Alan Watts
Alan Wilson Watts (6 January 1915 – 16 November 1973) was a British born American philosopher, writer, and speaker, best known as an interpreter and populariser of Eastern philosophy for a Western audience. Born in Chislehurst, he moved to the United States in 1938 and began Zen training in New York. Pursuing a career, he attended Seabury-Western Theological Seminary, where he received a master's degree in theology. Watts became an Episcopal priest but left the ministry in 1950 and moved to California, where he joined the faculty of the American Academy of Asian Studies.
Living on the West Coast, Watts gained a large following in the San Francisco Bay Area while working as a volunteer programmer at KPFA, a Pacifica Radio station in Berkeley. Watts wrote more than 25 books and articles on subjects important to Eastern and Western religion, introducing the then-burgeoning youth culture to The Way of Zen (1957), one of the first bestselling books on Buddhism. In Psychotherapy East and West (1961), Watts proposed that Buddhism could be thought of as a form of psychotherapy and not just a religion. Like Aldous Huxley before him, he explored human consciousness in the essay, "The New Alchemy" (1958), and in the book, The Joyous Cosmology (1962).

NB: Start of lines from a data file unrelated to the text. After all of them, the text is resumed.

(* Let $\rho\in(0,+\infty)$ and $\xi\in\mathbb{R}$. On $(r,\phi)\in(0,+\infty)\times\mathbb{S}^1$ with conjugate momenta $(P_r,P_\phi)$ consider $$H_0=\frac{1}{2(1+\rho r^2)}\Big(P_r^2+\frac{P_\phi^2}{r^2}+\xi r^2\Big),$$ associated with the metric $g=(1+\rho r^2)(dr^2+r^2d\phi^2)$, and the quadratic functions $$S_1=\cos(2\phi)\,P_r\frac{P_\phi}{r}+\sin(2\phi)\Big(H_0-\frac{P_\phi^2}{r^2}\Big),\qquad S_2=-\sin(2\phi)\,P_r\frac{P_\phi}{r}+\cos(2\phi)\Big(H_0-\frac{P_\phi^2}{r^2}\Big).$$ Then the superintegrable systems $\{H_0,P_\phi,S_1\}$ and $\{H_0,P_\phi,S_2\}$ (the metric and the functions $H_0,P_\phi,S_1,S_2$) are globally defined on a manifold $M$ diffeomorphic to $\mathbb{R}^2$.
   Context: $(r,\phi)$ are polar coordinates; the manifold is obtained by adding the origin, i.e. using Cartesian coordinates $x_1=r\cos\phi$, $x_2=r\sin\phi$. *)

From HB Require Import structures.
From mathcomp Require Import all_boot all_order all_algebra.
From mathcomp Require Import all_classical all_reals all_analysis.
Set Implicit Arguments. Unset Strict Implicit. Unset Printing Implicit Defensive.
Import Order.TTheory GRing.Theory Num.Theory.
Import numFieldNormedType.Exports.
Local Open Scope ring_scope.

Fixpoint Ck {R : realType} {V : normedModType R} (k : nat) (f : V -> R) : Prop :=
  match k with
  | O => continuous f
  | S k' => (forall x, differentiable f x) /\ (forall v : V, Ck k' ('D_v f))
  end.

Definition smooth {R : realType} {V : normedModType R} (f : V -> R) : Prop :=
  forall k, Ck k f.

Definition H0 {R : realType} (rho xi r phi Pr Pphi : R) : R :=
  (Pr ^+ 2 + Pphi ^+ 2 / r ^+ 2 + xi * r ^+ 2) / (2 * (1 + rho * r ^+ 2)).

Definition S1pol {R : realType} (rho xi r phi Pr Pphi : R) : R :=
  cos (2 * phi) * Pr * (Pphi / r)
  + sin (2 * phi) * (H0 rho xi r phi Pr Pphi - Pphi ^+ 2 / r ^+ 2).

Definition S2pol {R : realType} (rho xi r phi Pr Pphi : R) : R :=
  - sin (2 * phi) * Pr * (Pphi / r)
  + cos (2 * phi) * (H0 rho xi r phi Pr Pphi - Pphi ^+ 2 / r ^+ 2).

Definition cart2 {R : realType} (r phi : R) : 'rV[R]_2 :=
  \row_(i < 2) [:: r * cos phi; r * sin phi]`_i.

Definition cartT {R : realType} (r phi p1 p2 : R) : 'rV[R]_4 :=
  \row_(i < 4) [:: r * cos phi; r * sin phi; p1; p2]`_i.

(* Polar conjugate momenta of the cotangent vector p1 dx1 + p2 dx2
   (canonical cotangent lift of the coordinate change). *)
Definition Pr_of {R : realType} (r phi p1 p2 : R) : R :=
  cos phi * p1 + sin phi * p2.
Definition Pphi_of {R : realType} (r phi p1 p2 : R) : R :=
  r * (- sin phi * p1 + cos phi * p2).

Definition polJac {R : realType} (r phi : R) : 'M[R]_2 :=
  \matrix_(i < 2, j < 2)
    nth 0 (nth [::] [:: [:: cos phi; - r * sin phi]; [:: sin phi; r * cos phi]] i) j.

Definition gpol {R : realType} (rho r : R) : 'M[R]_2 :=
  \matrix_(i < 2, j < 2)
    nth 0 (nth [::] [:: [:: 1 + rho * r ^+ 2; 0]; [:: 0; (1 + rho * r ^+ 2) * r ^+ 2]] i) j.

From HB Require Import structures.
From mathcomp Require Import all_boot all_order all_algebra.
From mathcomp Require Import all_classical all_reals all_analysis.
From mathcomp Require Import ring lra.
Import Order.TTheory GRing.Theory Num.Theory.
Import numFieldNormedType.Exports.
Local Open Scope ring_scope.

Local Notation "x _[ k ]" := (x ord0 (inord k)) (at level 8).

(* In Cartesian coordinates the metric is the conformally flat
   (1 + rho |x|^2)(dx1^2 + dx2^2), and H0, P_phi, S1, S2 are rational
   functions of (x, p) whose only denominator is a multiple of
   1 + rho |x|^2 > 0; hence they are smooth on all of R^2 x R^2.  To match
   them with the polar expressions, note that (P_r, P_phi / r) is the momentum
   rotated by phi, so p1^2 + p2^2 is invariant while 2 p1 p2 and
   p1^2 - p2^2 are rotated by 2 phi, which is where cos 2phi and sin 2phi
   come from. *)

Section CkClosure.
Context {R : realType} {V : normedModType R}.
Implicit Types f g : V -> R.

Lemma CkS k f : Ck k.+1 f -> Ck k f.
Proof.
elim: k f => [|k IH] f /= [df Df]; first by move=> x; exact: differentiable_continuous.
by split => // v; apply: IH; apply: Df.
Qed.

Lemma Ck_cst k (c : R) : Ck k (fun _ : V => c).
Proof.
elim: k c => [|k IH] c /=; first by move=> x; exact: cvg_cst.
split=> [x|v]; first exact: differentiable_cst.
rewrite (_ : 'D_v _ = fun _ => 0); first exact: IH.
by apply/funext => x; exact: derive_cst.
Qed.

Lemma Ck_add k f g : Ck k f -> Ck k g -> Ck k (fun x => f x + g x).
Proof.
elim: k f g => [|k IH] f g /=; first by move=> cf cg x; exact: (continuousD (cf x) (cg x)).
move=> [df Df] [dg Dg]; split=> [x|v]; first exact: differentiableD.
rewrite (_ : 'D_v _ = fun x => 'D_v f x + 'D_v g x); first exact: IH.
by apply/funext => x; apply: deriveD; apply: diff_derivable.
Qed.

Lemma Ck_mul k f g : Ck k f -> Ck k g -> Ck k (fun x => f x * g x).
Proof.
elim: k f g => [|k IH] f g /=; first by move=> cf cg x; exact: (continuousM (cf x) (cg x)).
move=> [df Df] [dg Dg]; split=> [x|v]; first exact: differentiableM.
rewrite (_ : 'D_v _ = fun x => f x * 'D_v g x + g x * 'D_v f x).
  by apply: Ck_add; apply: IH => //; apply: CkS.
by apply/funext => x; apply: deriveM; apply: diff_derivable.
Qed.

Lemma Ck_opp k f : Ck k f -> Ck k (fun x => - f x).
Proof.
move=> cf; rewrite (_ : (fun x => - f x) = fun x => -1 * f x).
  by apply: Ck_mul => //; apply: Ck_cst.
by apply/funext => x; rewrite mulN1r.
Qed.

Lemma Ck_exp k f n : Ck k f -> Ck k (fun x => f x ^+ n).
Proof.
move=> cf; elim: n => [|n IH]; first exact: Ck_cst.
rewrite (_ : (fun x => _) = fun x => f x * f x ^+ n); first exact: Ck_mul.
by apply/funext => x; rewrite exprS.
Qed.

Lemma Ck_inv k f : (forall x, f x != 0) -> Ck k f -> Ck k (fun x => (f x)^-1).
Proof.
move=> nz; elim: k f nz => [|k IH] f nz /=.
  by move=> cf x; exact: (continuousV (nz x) (cf x)).
move=> [df Df]; split=> [x|v]; first exact: (differentiableV (df x) (nz x)).
rewrite (_ : 'D_v _ = fun x => - ((f x)^-1 * (f x)^-1) * 'D_v f x).
  apply: Ck_mul => //; apply/Ck_opp/Ck_mul; apply: IH => //; exact: CkS.
apply/funext => x; rewrite deriveV ?nz //; last exact: diff_derivable.
by rewrite expr2 invfM.
Qed.

End CkClosure.

Lemma Ck_coord {R : realType} m n (i : 'I_m) (j : 'I_n) k :
  Ck k (fun x : 'M[R]_(m, n) => x i j).
Proof.
case: k => [|k] /=; first by move=> x; exact/differentiable_continuous/differentiable_coord.
split=> [x|v]; first exact: differentiable_coord.
rewrite (_ : 'D_v _ = fun _ => v i j); first exact: Ck_cst.
apply/funext => x; rewrite deriveE; last exact: differentiable_coord.
have @f : {linear 'M[R]_(m, n) -> R}.
  by exists (fun N : 'M[R]_(_, _) => N i j); do 2![eexists]; do ?[constructor];
     rewrite ?mxE// => ? *; rewrite ?mxE//; move=> ?; rewrite !mxE.
by rewrite (_ : (fun _ => _) = f) // diff_lin //; exact: coord_continuous.
Qed.

Ltac Ck_poly := repeat first [ apply: Ck_add | apply: Ck_mul | apply: Ck_opp
                             | apply: Ck_exp | apply: Ck_coord | apply: Ck_cst ].

Section Rotation.
Context {R : realType} {c s : R}.
Hypothesis cs1 : c ^+ 2 + s ^+ 2 = 1.

Lemma sqr_norm_rot (p1 p2 : R) :
  p1 ^+ 2 + p2 ^+ 2 = (c * p1 + s * p2) ^+ 2 + (- s * p1 + c * p2) ^+ 2.
Proof. by rewrite -[LHS]mulr1 -cs1; ring. Qed.

Lemma mul_rot (p1 p2 : R) (Pr := c * p1 + s * p2) (Q := - s * p1 + c * p2) :
  p1 * p2 = (c ^+ 2 - s ^+ 2) * Pr * Q + s * c * (Pr ^+ 2 - Q ^+ 2).
Proof.
transitivity ((c ^+ 2 + s ^+ 2) ^+ 2 * (p1 * p2)); first by rewrite cs1 expr1n mul1r.
by rewrite /Pr /Q; ring.
Qed.

Lemma subr_sqr_rot (p1 p2 : R) (Pr := c * p1 + s * p2) (Q := - s * p1 + c * p2) :
  p1 ^+ 2 - p2 ^+ 2 = (c ^+ 2 - s ^+ 2) * (Pr ^+ 2 - Q ^+ 2) - 4 * s * c * Pr * Q.
Proof.
transitivity ((c ^+ 2 + s ^+ 2) ^+ 2 * (p1 ^+ 2 - p2 ^+ 2)); first by rewrite cs1 expr1n mul1r.
by rewrite /Pr /Q; ring.
Qed.

End Rotation.

Lemma cos_double {R : realType} (phi : R) : cos (2 * phi) = cos phi ^+ 2 - sin phi ^+ 2.
Proof. by rewrite mulr2n mulrDl !mul1r cosD !expr2. Qed.

Lemma sin_double {R : realType} (phi : R) : sin (2 * phi) = 2 * sin phi * cos phi.
Proof. by rewrite mulr2n mulrDl !mul1r sinD; ring. Qed.

Section CartesianSystem.
Context {R : realType} (rho xi : R).
Hypothesis rho_ge0 : 0 <= rho.

Definition conformal_factor (x1 x2 : R) : R := 1 + rho * (x1 ^+ 2 + x2 ^+ 2).

Lemma conformal_factor_gt0 x1 x2 : 0 < conformal_factor x1 x2.
Proof.
rewrite /conformal_factor; have : 0 <= rho * (x1 ^+ 2 + x2 ^+ 2).
  by rewrite mulr_ge0 // addr_ge0 ?sqr_ge0.
lra.
Qed.

Lemma conformal_factor_neq0 x1 x2 : conformal_factor x1 x2 != 0.
Proof. exact/lt0r_neq0/conformal_factor_gt0. Qed.

Lemma conformal_factor2_neq0 x1 x2 : 2 * conformal_factor x1 x2 != 0.
Proof. by rewrite mulf_neq0 ?conformal_factor_neq0 ?pnatr_eq0. Qed.

Definition Hcart (x1 x2 p1 p2 : R) : R :=
  (p1 ^+ 2 + p2 ^+ 2 + xi * (x1 ^+ 2 + x2 ^+ 2)) / (2 * conformal_factor x1 x2).

Definition Pphi_cart (x1 x2 p1 p2 : R) : R := x1 * p2 - x2 * p1.

Definition S1cart (x1 x2 p1 p2 : R) : R :=
  p1 * p2 + x1 * x2 * (xi - rho * (p1 ^+ 2 + p2 ^+ 2)) / conformal_factor x1 x2.

Definition S2cart (x1 x2 p1 p2 : R) : R :=
  (p1 ^+ 2 - p2 ^+ 2) / 2
  + (x1 ^+ 2 - x2 ^+ 2) * (xi - rho * (p1 ^+ 2 + p2 ^+ 2)) / (2 * conformal_factor x1 x2).

Definition conformal_metric (x : 'rV[R]_2) : 'M[R]_2 :=
  conformal_factor x _[0] x _[1] *: 1%:M.

Lemma conformal_metric_sym x : (conformal_metric x)^T = conformal_metric x.
Proof. by rewrite /conformal_metric linearZ /= trmx1. Qed.

Lemma conformal_metric_pos x (u : 'rV[R]_2) :
  u != 0 -> 0 < (u *m conformal_metric x *m u^T) ord0 ord0.
Proof.
move=> u_neq0; rewrite /conformal_metric -scalemxAr -scalemxAl mulmx1 mxE.
rewrite mulr_gt0 ?conformal_factor_gt0 // mxE.
rewrite lt_neqAle sumr_ge0 => [|i _]; last by rewrite mxE -expr2 sqr_ge0.
rewrite andbT eq_sym psumr_eq0 => [|i _]; last by rewrite mxE -expr2 sqr_ge0.
apply: contra u_neq0 => /allP u0; apply/eqP/rowP => j.
by move: (u0 j (mem_index_enum j)); rewrite !mxE -expr2 sqrf_eq0 => /eqP.
Qed.

Lemma sqr_norm_cart2 (r phi : R) : (r * cos phi) ^+ 2 + (r * sin phi) ^+ 2 = r ^+ 2.
Proof. by rewrite !exprMn -mulrDr cos2Dsin2 mulr1. Qed.

Lemma conformal_factor_polar (r phi : R) :
  conformal_factor (r * cos phi) (r * sin phi) = 1 + rho * r ^+ 2.
Proof. by rewrite /conformal_factor sqr_norm_cart2. Qed.

Lemma conformal_metric_polar (r phi : R) :
  (polJac r phi)^T *m conformal_metric (cart2 r phi) *m polJac r phi = gpol rho r.
Proof.
rewrite /conformal_metric !mxE !inordK //= conformal_factor_polar.
rewrite -scalemxAr -scalemxAl mulmx1; apply/matrixP => i j.
rewrite !mxE !big_ord_recr big_ord0 /= !mxE.
have := cos2Dsin2 phi; set c := cos phi; set s := sin phi => cs1.
set D := 1 + rho * r ^+ 2.
by case: i => [[|[|i]] Hi] //; case: j => [[|[|j]] Hj] //=;
  rewrite -[RHS]mulr1 -cs1; ring.
Qed.

Section PolarForm.
Variables (r phi p1 p2 : R).
Hypothesis r_neq0 : r != 0.
Let cs1 := cos2Dsin2 phi.
Let D_neq0 : 1 + rho * r ^+ 2 != 0.
Proof. by rewrite -(conformal_factor_polar r phi) conformal_factor_neq0. Qed.

Lemma Hcart_polar :
  Hcart (r * cos phi) (r * sin phi) p1 p2
  = H0 rho xi r phi (Pr_of r phi p1 p2) (Pphi_of r phi p1 p2).
Proof.
rewrite /Hcart /H0 /Pr_of /Pphi_of conformal_factor_polar sqr_norm_cart2.
rewrite (sqr_norm_rot cs1).
by field; rewrite D_neq0 r_neq0.
Qed.

Lemma Pphi_cart_polar :
  Pphi_cart (r * cos phi) (r * sin phi) p1 p2 = Pphi_of r phi p1 p2.
Proof. by rewrite /Pphi_cart /Pphi_of; ring. Qed.

Lemma S1cart_polar :
  S1cart (r * cos phi) (r * sin phi) p1 p2
  = S1pol rho xi r phi (Pr_of r phi p1 p2) (Pphi_of r phi p1 p2).
Proof.
rewrite /S1cart /S1pol /H0 /Pr_of /Pphi_of conformal_factor_polar.
rewrite (mul_rot cs1 p1 p2) (sqr_norm_rot cs1) cos_double sin_double.
by field; rewrite D_neq0 r_neq0.
Qed.

Lemma S2cart_polar :
  S2cart (r * cos phi) (r * sin phi) p1 p2
  = S2pol rho xi r phi (Pr_of r phi p1 p2) (Pphi_of r phi p1 p2).
Proof.
rewrite /S2cart /S2pol /H0 /Pr_of /Pphi_of conformal_factor_polar.
rewrite (subr_sqr_rot cs1 p1 p2) (sqr_norm_rot cs1) cos_double sin_double.
by field; rewrite D_neq0 r_neq0.
Qed.

End PolarForm.

Lemma smooth_conformal_metric i j : smooth (fun x => conformal_metric x i j).
Proof.
move=> k; rewrite (_ : (fun x => _)
  = fun x : 'rV[R]_2 => conformal_factor x _[0] x _[1] * (i == j)%:R).
  by rewrite /conformal_factor; Ck_poly.
by apply/funext => x; rewrite !mxE.
Qed.

Lemma smooth_Hcart : smooth (fun x : 'rV[R]_4 => Hcart x _[0] x _[1] x _[2] x _[3]).
Proof.
move=> k; rewrite /Hcart; apply: Ck_mul; first by Ck_poly.
apply: Ck_inv => [x|]; first exact: conformal_factor2_neq0.
by rewrite /conformal_factor; Ck_poly.
Qed.

Lemma smooth_Pphi_cart : smooth (fun x : 'rV[R]_4 => Pphi_cart x _[0] x _[1] x _[2] x _[3]).
Proof. by move=> k; rewrite /Pphi_cart; Ck_poly. Qed.

Lemma smooth_S1cart : smooth (fun x : 'rV[R]_4 => S1cart x _[0] x _[1] x _[2] x _[3]).
Proof.
move=> k; rewrite /S1cart; apply: Ck_add; first by Ck_poly.
apply: Ck_mul; first by Ck_poly.
apply: Ck_inv => [x|]; first exact: conformal_factor_neq0.
by rewrite /conformal_factor; Ck_poly.
Qed.

Lemma smooth_S2cart : smooth (fun x : 'rV[R]_4 => S2cart x _[0] x _[1] x _[2] x _[3]).
Proof.
move=> k; rewrite /S2cart; apply: Ck_add; first by Ck_poly.
apply: Ck_mul; first by Ck_poly.
apply: Ck_inv => [x|]; first exact: conformal_factor2_neq0.
by rewrite /conformal_factor; Ck_poly.
Qed.

End CartesianSystem.

Lemma cartT_coord {R : realType} (r phi p1 p2 : R) :
  [/\ (cartT r phi p1 p2) _[0] = r * cos phi, (cartT r phi p1 p2) _[1] = r * sin phi,
      (cartT r phi p1 p2) _[2] = p1 & (cartT r phi p1 p2) _[3] = p2].
Proof. by rewrite !mxE !inordK. Qed.

Theorem theorem7 (R : realType) (rho xi : R) (hrho : 0 < rho) :
  exists (G : 'rV[R]_2 -> 'M[R]_2) (H Pphi S1 S2 : 'rV[R]_4 -> R),
    (* the metric extends to a smooth Riemannian metric on M = R^2 *)
    (forall i j, smooth (fun x => G x i j)) /\
    (forall x, (G x)^T = G x) /\
    (forall x (u : 'rV[R]_2), u != 0 -> 0 < (u *m G x *m u^T) ord0 ord0) /\
    (forall r phi, 0 < r ->
       (polJac r phi)^T *m G (cart2 r phi) *m polJac r phi = gpol rho r) /\
    (* the functions extend to smooth functions on T^*M = R^2 x R^2 *)
    smooth H /\ smooth Pphi /\ smooth S1 /\ smooth S2 /\
    (forall r phi p1 p2, 0 < r ->
       let Pr := Pr_of r phi p1 p2 in
       let Pp := Pphi_of r phi p1 p2 in
       H (cartT r phi p1 p2) = H0 rho xi r phi Pr Pp /\
       Pphi (cartT r phi p1 p2) = Pp /\
       S1 (cartT r phi p1 p2) = S1pol rho xi r phi Pr Pp /\
       S2 (cartT r phi p1 p2) = S2pol rho xi r phi Pr Pp).
Proof.
have rho_ge0 := ltW hrho.
exists (conformal_metric rho).
exists (fun x => Hcart rho xi x _[0] x _[1] x _[2] x _[3]),
       (fun x => Pphi_cart x _[0] x _[1] x _[2] x _[3]),
       (fun x => S1cart rho xi x _[0] x _[1] x _[2] x _[3]),
       (fun x => S2cart rho xi x _[0] x _[1] x _[2] x _[3]).
split; first exact: smooth_conformal_metric.
split; first exact: conformal_metric_sym.
split; first exact: conformal_metric_pos.
split; first by move=> r phi _; exact: conformal_metric_polar.
split; first exact: smooth_Hcart.
split; first exact: smooth_Pphi_cart.
split; first exact: smooth_S1cart.
split; first exact: smooth_S2cart.
move=> r phi p1 p2 /lt0r_neq0 r_neq0 /=; have [-> -> -> ->] := cartT_coord r phi p1 p2.
by rewrite Hcart_polar ?Pphi_cart_polar ?S1cart_polar ?S2cart_polar.
Qed.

Towards the end of his life, he divided his time between a houseboat in Sausalito and a cabin on Mount Tamalpais. His legacy has been kept alive by his son, Mark Watts, and by many of his recorded talks and lectures that have found new life on the Internet. According to the critic Erik Davis, his "writings and recorded talks still shimmer with a profound and galvanizing lucidity."